I wasn’t wrong in trying to find a way to cope with my anxiety. I wanted to feel a little more alive, perhaps a little bit more happy, just a little more content with myself. No one could blame me for what I did, I’m only human. But, I was wrong. Because in the process of fighting it, hiding from it, from trying to make it disappear, I hurt others in the process.
While I was busy overworking, I forgot to give my mom a call. When I was busy drinking, I would forget the assignments that I had due the next day. When I was busy overly working out, I forgot that my best friend had asked me to go out with her. I spent hours in front of a screen, and I would forget to spend hours with my family instead. When I was searching for a fix while cutting my skin, I never realized how much my niece needed me instead. While I was busy indulging in food, I never saw how much I was hurting myself.
We allow our minds to get the better of us. We jump from habit to habit, in hopes to find our way back to our true selves. The worst part? Once you take a peek at how to liberate yourself from the chains of your anxiety, you decide to stay in the comfort of what has now become well-known. We become mindless of our words, actions, thoughts. But let me tell you, it doesn’t have to be this way.
You don’t have to spend years of your life trying to run away from it. You don’t have to spend hundreds of dollars trying to hide it. You don’t have to lose yourself to try to find yourself. It’s not just about taking a breath and getting over it. It’s about looking up, seeing, listening, feeling…experiencing. It’s about being present and allowing your sober self to process the emotions and thoughts that you’ve been trying to avoid.
It will be hard, you’ll hate every second of it, and you’ll go back to what feels comfortable because as humans, we fear uncertainty.

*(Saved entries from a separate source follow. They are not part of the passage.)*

(* Induction on the number of nonzero diagonal entries of G: removing the
   rank-one part (G p p)^-1 G_p G_p^T keeps G psd and clears its p-th diagonal
   entry, while that part contributes a quadratic form of M to the trace. *)
Lemma psd_mxtrace_mul_ge0 N (G M : 'M[R]_N) : psd G -> psd M -> 0 <= \tr (G *m M).
Proof.
move=> psdG psdM; have [k ltk] := ubnP #|[set a | G a a != 0]|.
elim: k G psdG ltk => // k IH G psdG ltk.
have [[p Gpp_neq0] | diag0] := pselect (exists p, G p p != 0); last first.
  have -> : G = 0.
    apply/matrixP => a b; rewrite mxE psd_diag0_row //.
    by apply/eqP/negPn/negP => Gaa; apply: diag0; exists a.
  by rewrite mul0mx linear0.
have Gpp_gt0 : 0 < G p p by rewrite lt_def Gpp_neq0 psd_diag_ge0.
set v := col p G; pose G' := G - (G p p)^-1 *: (v *m v^T).
have -> : G = G' + (G p p)^-1 *: (v *m v^T) by rewrite subrK.
rewrite mulmxDl -scalemxAl linearD linearZ /= mxtrace_mul_xxT.
apply: addr_ge0; last by apply: mulr_ge0; [rewrite invr_ge0 ltW | exact: psdM.2].
apply: IH (psd_schur psdG Gpp_gt0) _.
rewrite -ltnS (leq_trans _ ltk) // ltnS; apply: proper_card; apply/properP; split.
  apply/fintype.subsetP => a; rewrite !inE; apply: contraNN => /eqP Gaa.
  by rewrite !mxE big_ord1 !mxE Gaa (psd_diag0_row p psdG Gaa) mul0r mulr0 subr0.
exists p; rewrite !inE // !mxE big_ord1 !mxE negbK; apply/eqP; field.
exact: lt0r_neq0.
Qed.

End PsdMatrix.

Section Degree.
Variables (n : nat) (R : ringType).
Implicit Types (p q : {mpoly R[n]}) (K : nat).

Definition deg_le p K : bool := all (fun m => mdeg m <= K)%N (msupp p).

Lemma deg_leP p K : reflect {in msupp p, forall m, mdeg m <= K}%N (deg_le p K).
Proof. exact: allP. Qed.

Lemma deg_le_trans p K K' : deg_le p K -> (K <= K')%N -> deg_le p K'.
Proof. by move=> /deg_leP dp le; apply/deg_leP => m /dp /leq_trans; apply. Qed.

Lemma deg_leD p q K : deg_le p K -> deg_le q K -> deg_le (p + q) K.
Proof.
move=> /deg_leP dp /deg_leP dq; apply/deg_leP => m /msuppD_le.
by rewrite mem_cat => /orP[/dp|/dq].
Qed.

Lemma deg_leZ c p K : deg_le p K -> deg_le (c *: p) K.
Proof. by move=> /deg_leP dp; apply/deg_leP => m /msuppZ_le /dp. Qed.

Lemma deg_leN p K : deg_le p K -> deg_le (- p) K.
Proof. by move=> /deg_leP dp; apply/deg_leP => m; rewrite (perm_mem (msuppN p)) => /dp. Qed.

Lemma deg_le_sum (I : Type) (r : seq I) (P : pred I) (F : I -> {mpoly R[n]}) K :
  (forall i, P i -> deg_le (F i) K) -> deg_le (\sum_(i <- r | P i) F i) K.
Proof.
move=> dF; apply: (big_ind (deg_le^~ K)) => //; last by move=> *; exact: deg_leD.
by rewrite /deg_le msupp0.
Qed.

And you’ll do this the next day, and the next day, and the next day, until you don’t. I can almost promise you that step by step, you’ll begin to recognize what life really is.
And what better way to liberate ourselves from all the pain and suffering of life than to just be life. And no, living will never be as easy as saying “just live.” But we were born to be alive, we were made to be awake…so, don’t let your anxiety take that away.
Just watch how the old caterpillar painfully breaks out of its comfortable cocoon to laboriously transform into something much more…it’s just part of the journey.